A dearth of growing land can have knock-on consequences for people’s health. Surveys show people living in poorer parts of the city are far less likely to get enough fruit and veg to meet their nutritional needs. Black Bristolians are half as likely to visit green spaces – something an allotment obviously offers – as white Bristolians. 

Some are pushing the council to take urgent action to right these wrongs. Ped Asgarian, the director of Feeding Bristol, who used to run the Community Farm in the Chew Valley, believes the council’s allotment waiting list rules should be rewritten. 

“When it comes to allocating allotment spaces, we need positive discrimination – it shouldn’t be first come, first served,” he says. “We need to ensure those who are most impacted by food insecurity and poverty are given access to land first.”

There will also need to be more land made available – otherwise, it will be impossible to scale up urban food production. Both Venn and Wetherell understand there are many competing demands on precious city space, especially the need to build genuinely affordable homes. “We need more housing,” says Venn, who had to move to Chepstow because she couldn’t afford to rent in Bristol. “But we also need to make sure people don’t end up hungry.”

‘Tough decisions lie ahead’

The council appears to be alive to the threats to the city’s food system. It has taken on a new smallholding and allotment manager after the job was cut in the post-2010 austerity drive. The city’s new food framework, Bristol Good Food 2030, which was published in June, commits the council to using more of its own land for food production by 2030. 

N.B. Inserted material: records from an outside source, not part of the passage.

Lemma mul_seg a b c e a' b' c' e' :
  i3mul (seg a b c e) (seg a' b' c' e') =
  i3scale (ind [&& a <= a', b <= a' <= c, b' <= e <= c' & e <= e']) (seg a a' e e').
Proof.
apply: ev_ext => x1 x2 x3 h; rewrite ev_mul // ev_scale !ev_seg h indM.
rewrite big_mkcond (big_only1 a') //= => [|y1 ne _]; last first.
  case: ifP => // _; rewrite big1 // => y2 _.
  by rewrite !ev_seg (negbTE ne) /= andbF ind0 mulr0.
rewrite big_mkcond (big_only1 e) //= => [|y2 ne _]; last first.
  by case: ifP => // _; rewrite !ev_seg (negbTE ne) /= !andbF ind0 mul0r.
rewrite !ev_seg !eqxx !indM !ind_if; congr ind; rewrite /chain3 /=.
case: (eqVneq x1 a) => [<-|_]; last by rewrite !andbF.
case: (eqVneq x3 e') => [<-|_]; last by rewrite !andbF.
have [a'x2|] := boolP (a' <= x2); last by rewrite !andbF.
have [x2e|] := boolP (x2 <= e); last by rewrite !andbF.
rewrite (le_trans a'x2 x2e) !andbT /=.
by case: (x1 <= a'); case: (e <= x3); rewrite /= ?andbF -?andbA ?andbT.
Qed.

Section Span.
Variable S : I3 -> Prop.

Lemma span3_ind (Q : I3 -> Prop) :
  Q 0 -> (forall f g, Q f -> Q g -> Q (f + g)) ->
  (forall c f, Q f -> Q (i3scale c f)) -> (forall f, S f -> Q f) ->
  forall f, span3 S f -> Q f.
Proof.
move=> Q0 QD QZ QS f [n [c [s [Ss ->]]]]; rewrite big_i3addE.
by apply: (big_ind Q) => // i _; apply/QZ/QS.
Qed.

Lemma span3_gen f : S f -> span3 S f.
Proof. by exists 1%N, (fun=> 1), (fun=> f); rewrite big_i3addE big_ord1 i3scale1. Qed.

Lemma span3_zero : span3 S 0.
Proof. by exists 0%N, (fun=> 0), (fun=> 0); rewrite big_i3addE big_ord0; split=> [[]|]. Qed.
Lemma exists_smaller_dominated N : odd N -> ~ odd_reduced N ->
  exists2 N', N' < N & odd N' /\ dominates N N'.
Proof.
move=> N_odd not_red.
have [p [q [p_pr q_pr p_odd q_odd le_q]]] : exists p q, [/\ prime p, prime q,
    odd p, odd q & q <= p ^ ((logn p N).+1 %/ (logn q N).+2)].
  apply: NNPP => no_pq; apply: not_red => p q p_pr q_pr p2 q2; rewrite ltnNge.
  apply/negP => le_q; apply: no_pq; exists p, q.
  by case: (even_prime p_pr) (even_prime q_pr) => // p_odd [] // q_odd.
set A := logn p N in le_q; set B := logn q N in le_q; set t := A.+1 %/ B.+2 in le_q.
have t_gt0 : 0 < t by case: posnP le_q => // ->; rewrite leqNgt prime_gt1.
have p_neq_q : p != q.
  by apply: contraTneq t_gt0 => eq_pq; rewrite /t /A /B eq_pq divn_small.
have lt_q : q < p ^ t.
  rewrite ltn_neqAle le_q andbT; apply: contraNneq p_neq_q => eq_q.
  by rewrite -(dvdn_prime2 p_pr q_pr) eq_q -(prednK t_gt0) expnS dvdn_mulr.
have [K cop_K def_N] := pq_factor_coprime p_pr q_pr p_neq_q (odd_gt0 N_odd).
have K_odd : odd K by apply: dvdn_odd N_odd; rewrite def_N dvdn_mull.
have dom := dominates_shift p_pr q_pr p_neq_q cop_K t_gt0 (ltnW lt_q) (leq_divM _ _).
rewrite -def_N in dom; exists (p ^ (A - t) * q ^ B.+1 * K); last first.
  by split; rewrite // !oddM !oddX p_odd q_odd K_odd !orbT.
have pt_gt0 : 0 < p ^ t by rewrite expn_gt0 prime_gt0.
rewrite -(ltn_pmul2r pt_gt0) shifted_mul_pt ?leq_divM //.
by rewrite -def_N ltn_pmul2l ?odd_gt0.
Qed.

Lemma odd_reduction N : odd N ->
  exists M, [/\ odd M, M <= N, odd_reduced M & dominates N M].
Proof.
elim/ltn_ind: N => N IH N_odd; case: (classic (odd_reduced N)) => [N_red | not_red].
  by exists N; split; last exact: dominates_refl.
have [N' lt_N' [N'_odd dom]] := exists_smaller_dominated N_odd not_red.
have [M [M_odd le_M M_red dom']] := IH N' lt_N' N'_odd.
exists M; split=> //; first exact: leq_trans le_M (ltnW lt_N').
exact: dominates_trans (odd_gt0 N'_odd) dom dom'.
Qed.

Officials will this year start identifying and allocating available land to growers. The council also says it is committed to protecting the best agricultural land through the planning system by 2027. 

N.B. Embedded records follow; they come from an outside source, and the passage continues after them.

(* U is a uninorm (broad sense) with neutral element e: operation on [0,1]. *)
Definition uninorm (U : R -> R -> R) (e : R) : Prop :=
  inI e /\
  (forall x y, inI x -> inI y -> inI (U x y)) /\
  (forall x y, inI x -> inI y -> U x y = U y x) /\
  (forall x y z, inI x -> inI y -> inI z -> U (U x y) z = U x (U y z)) /\
  (forall x x' y, inI x -> inI x' -> inI y -> x <= x' -> U x y <= U x' y) /\
  (forall x y y', inI x -> inI y -> inI y' -> y <= y' -> U x y <= U x y') /\
  (forall x, inI x -> U e x = x /\ U x e = x).

Definition conjunctive (U : R -> R -> R) : Prop := U 1 0 = 0.
Definition disjunctive (U : R -> R -> R) : Prop := U 1 0 = 1.

Definition continuous_on_unit_square (F : R -> R -> R) : Prop :=
  forall x y, inI x -> inI y -> forall eps, 0 < eps ->
    exists delta, 0 < delta /\
      forall x' y', inI x' -> inI y' -> Rabs (x' - x) < delta -> Rabs (y' - y) < delta ->
        Rabs (F x' y' - F x y) < eps.

Definition underlying_tnorm (U : R -> R -> R) (e : R) : R -> R -> R :=
  fun x y => U (e * x) (e * y) / e.
Definition underlying_tconorm (U : R -> R -> R) (e : R) : R -> R -> R :=
  fun x y => (U (e + (1 - e) * x) (e + (1 - e) * y) - e) / (1 - e).

Definition in_calU (U : R -> R -> R) (e : R) : Prop :=
  continuous_on_unit_square (underlying_tnorm U e) /\
  continuous_on_unit_square (underlying_tconorm U e).

Definition in_calN (U : R -> R -> R) : Prop :=
  (forall x, 0 <= x < 1 -> U x 0 = 0) /\ (forall x, 0 < x <= 1 -> U x 1 = 1).

Definition in_Umin (U1 : R -> R -> R) (e1 : R) : Prop :=
  uninorm U1 e1 /\
  forall x y, inI x -> inI y ->
    ~ ((x <= e1 /\ y <= e1) \/ (e1 <= x /\ e1 <= y)) -> U1 x y = Rmin x y.
Definition in_Umax (U1 : R -> R -> R) (e1 : R) : Prop :=
  uninorm U1 e1 /\
  forall x y, inI x -> inI y ->
    ~ ((x <= e1 /\ y <= e1) \/ (e1 <= x /\ e1 <= y)) -> U1 x y = Rmax x y.

Definition in_Nmin (U : R -> R -> R) : Prop :=
  in_calN U /\ exists U1 e1, in_Umin U1 e1 /\
    forall x y, 0 < x < 1 -> 0 < y < 1 -> U x y = U1 x y.
Definition in_Nmax (U : R -> R -> R) : Prop :=
  in_calN U /\ exists U1 e1, in_Umax U1 e1 /\
    forall x y, 0 < x < 1 -> 0 < y < 1 -> U x y = U1 x y.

Growers are pleased with the plan, but know the real test will come when a new generation of enthusiastic, regenerative farmers and community groups request land. “In the last year, there has been a radical shift,” notes Weatherall. “They are now moving in the right direction.”

Ellie King, the cabinet member responsible for developing the Good Food framework, along with a new plan to tackle food inequality, wants Bristol to provide more food-growing sites, with the council aiming for substantially more of its land to be used for growing by 2030. 

“We have lots of overgrown plots not being used… for food growing,” she says, adding that other land is tenanted out for horse grazing, which is “not the best use” for it. “So there are lots of opportunities to better utilise the land we already have… and also for community growing.”

But King stresses the council is grappling with a range of demands. “We want to manage land for nature. We have our tree canopy aspirations. We have our food-growing aspirations. Our green space is also used for recreation and playgrounds – so there are competing priorities we have to balance.”

Officials are now mapping land in the city, to identify new growing sites. King says difficult decisions lay ahead about how, say, football fields or wildflower meadows are used. “It is about finding identifiable bits of land, proposing what they could be used for, hearing back from local people, and then taking decisions. Not all will be easy – some will upset people.”

The council’s new food equality action plan, meanwhile, promises that communities at risk of food inequality and people that don’t have access to garden space will be prioritised for allotments. 

There will also be a pilot of low-cost, locally-grown fruit and vegetable boxes for low-income households in the city. Initially, the produce will come from the Community Farm in the Chew Valley but the pilot will be expanded if successful. 

‘This is a nurturing place’

Back in Whitchurch, more volunteers have arrived to help Jamieson and Thompson pack the salad bags destined for food banks and veg boxes. In the welcome cool of a packing shed, three types of green and purple leaves are mixed in a bath, before being bagged up. 

Ewa Woronowicz, 63, a Whitchurch resident of 15 years who lives nearby with her husband, says the community is behind the scheme. “In my experience, people are delighted,” she says, taking a break. “We are glad something good is coming out of this patch of land.

Whitchurch resident Ewa Woronowicz says people are ‘glad something good’ is coming out of Lush Greens’ land (photograph: Henry Kenyon)

“I like working with the earth and seeing things grow,” adds Woronowicz, who volunteers once a week. “It is a nurturing place. It is joyous.”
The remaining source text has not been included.